From Greg McKenna at GlobalFX and Lighthouse Securities, here’s a quick guide to what’s on the minds of Australian traders heading into the day.
– It was a night of concerns about the Fed, growth and Septaper it seems – drawing a line through a number of markets suggests it was a bit of a “risk off” night.
– On the Global FX scene the Aussie Dollar is the worst performer at 0.9205 this morning (-0.6%) and looking a bit wobbly on the hourly and 4 hour charts. The Euro rejected 1.33 again overnight (1.3295 high) and sits down a smidge at 1.3263, GBP is essentially unchanged (1.5338) but it is the Yen which is suggestive that this is a bit of a safety move as it sits at 97.94 when it should probably be higher based on techs and retail sales yesterday.
– Stocks were on the back foot again last night in the US as the market gets a little wary of the threat of Septaper later this week and pending home sales pulled back less than forecast (-0.4% v -1% expected) suggesting perhaps the Taper is coming.
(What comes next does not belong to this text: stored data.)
Lemma central_mod_star_inv (I : bset B) x y :
  add_subgroup B I -> central_mod I x -> I (star (binv x) y).
Proof.
  intros HI [Hs _]. specialize (Hs (lam (binv x) y)).
  unfold star in Hs. rewrite lam_inv_r in Hs. rewrite <- (add_subgroup_neg_iff I); auto.
  unfold star. now rewrite bneg_add, bnegK.
Qed.

Section Ideal.
Variable I : bset B.
Hypothesis HI : ideal B I.

Let HIadd : add_subgroup B I := proj1 (proj1 HI).

Lemma ideal_conj_add a x : I x -> I (a + x + - a).
Proof. apply HI. Qed.

Lemma ideal_lam a x : I x -> I (lam a x).
Proof. apply HI. Qed.

Lemma ideal_conj_add_neg a x : I x -> I (- a + x + a).
Proof. intros Hx. rewrite <- (bnegK a) at 2. now apply ideal_conj_add. Qed.

Lemma ideal_central x : I x -> central_mod I x.
Proof.
  intros Hx. repeat split; intros y.
  - set (j := binv y * x * y).
    assert (Hj : I j).
    { unfold j. rewrite <- (binvK y) at 2. apply HI, Hx. }
    assert (E : x * y = y * j) by (unfold j; now rewrite !bmul_assoc, bmul_Vr, bmul_1l).
    unfold star, lam at 1. rewrite E, bmul_lam.
    replace (- y + (- x + (y + lam y j))) with ((- y + - x + y) + lam y j) by now bgroup.
    apply add_subgroup_add; auto.
    + apply ideal_conj_add_neg, add_subgroup_neg; auto.
    + now apply ideal_lam.
  - unfold acomm. replace (- (y + x) + (x + y)) with (- x + (- y + x + y)) by now bgroup.
    apply add_subgroup_add; auto.
    + now apply add_subgroup_neg.
    + now apply ideal_conj_add_neg.
  - unfold star. apply add_subgroup_add; auto.
    + now apply add_subgroup_neg.
    + now apply ideal_lam.
Qed.

Lemma ideal_star_shift a i y : I i -> I (star a y) -> I (star (a + i) y).
Proof.
  intros Hi Ha. rewrite (badd_as_bmul a i), star_mul.
  assert (Hj : I (lam (binv a) i)) by now apply ideal_lam.
  destruct (ideal_central _ Hj) as (Hjy & _).
  destruct (ideal_central _ (Hjy y)) as (_ & _ & Hajy).
  apply add_subgroup_add; auto. now apply add_subgroup_add.
Qed.

Lemma central_mod_add x1 x2 : central_mod I x1 -> central_mod I x2 -> central_mod I (x1 + x2).
Proof.
  intros Hx1 Hx2. pose proof Hx1 as (S1 & C1 & R1). pose proof Hx2 as (S2 & C2 & R2).
  repeat split; intros y.
  - rewrite (badd_as_bmul x1 x2), star_mul, (lam_star (binv x1) x2).
    assert (Hw : I (star (x2 + star (binv x1) x2) y)).
    { apply ideal_star_shift; [apply central_mod_star_inv | apply S2]; auto. }
    apply add_subgroup_add; auto. now apply add_subgroup_add.
  - rewrite acomm_add_l. apply add_subgroup_add; auto. now apply ideal_conj_add_neg.
  - rewrite star_add_r. apply add_subgroup_add; auto. now apply ideal_conj_add_neg.
Qed.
At the close the Dow (-0.24% @15,522), the Nasdaq (-0.39% @3,599) and the S&P 500 (-0.39% @1,685) were all lower. European stocks, with exception of Milan (-0.89%) performed better though with the FTSE (+0.08%), DAX (+0.17%) and CAC (+0.00%) either flat or eking out small gains even though some big M&A activity might have otherwise helped – on another day.
– In other data retail trade in Japan yesterday for Jun was a little disappointing coming in at -0.2%, but Italian business confidence improved (91.7 v 90.8 expected) and the Dallas Fed unexpectedly fell (4.4 v 7.3 expected and 6.5 last).
On Commodity markets gold is at $1324 oz. (-0.55%) Nymex Crude is $104.51 (-0.18%), Corn fell another 0.56% but Soybeans bucked the recent weakness printing higher (1.32%) for what seems like the first time in ages.
On the data front today we have New Zealand Building Permits and then South Korean Current Account balance and Industrial and Service sector output. I’ll be watching both these numbers very closely. Then in Japan its IP as well as unemployment and household spending before Building permits in Australia. In Europe we see Spanish GDP, Portuguese Business Confidence, EU Consumer confidence, Business Climate, Economic and Service Sentiment before German price data. In the US it’s the Redbook, Case Shiller House prices and Consumer Confidence.
Of particular note to the Australian dollar and Australian interest rate traders will be RBA Governor Glenn Stevens annual speech to the Anika foundation. It is always one of his best speeches of the year when you look back on them, normally important structurally so I’m looking forward to it.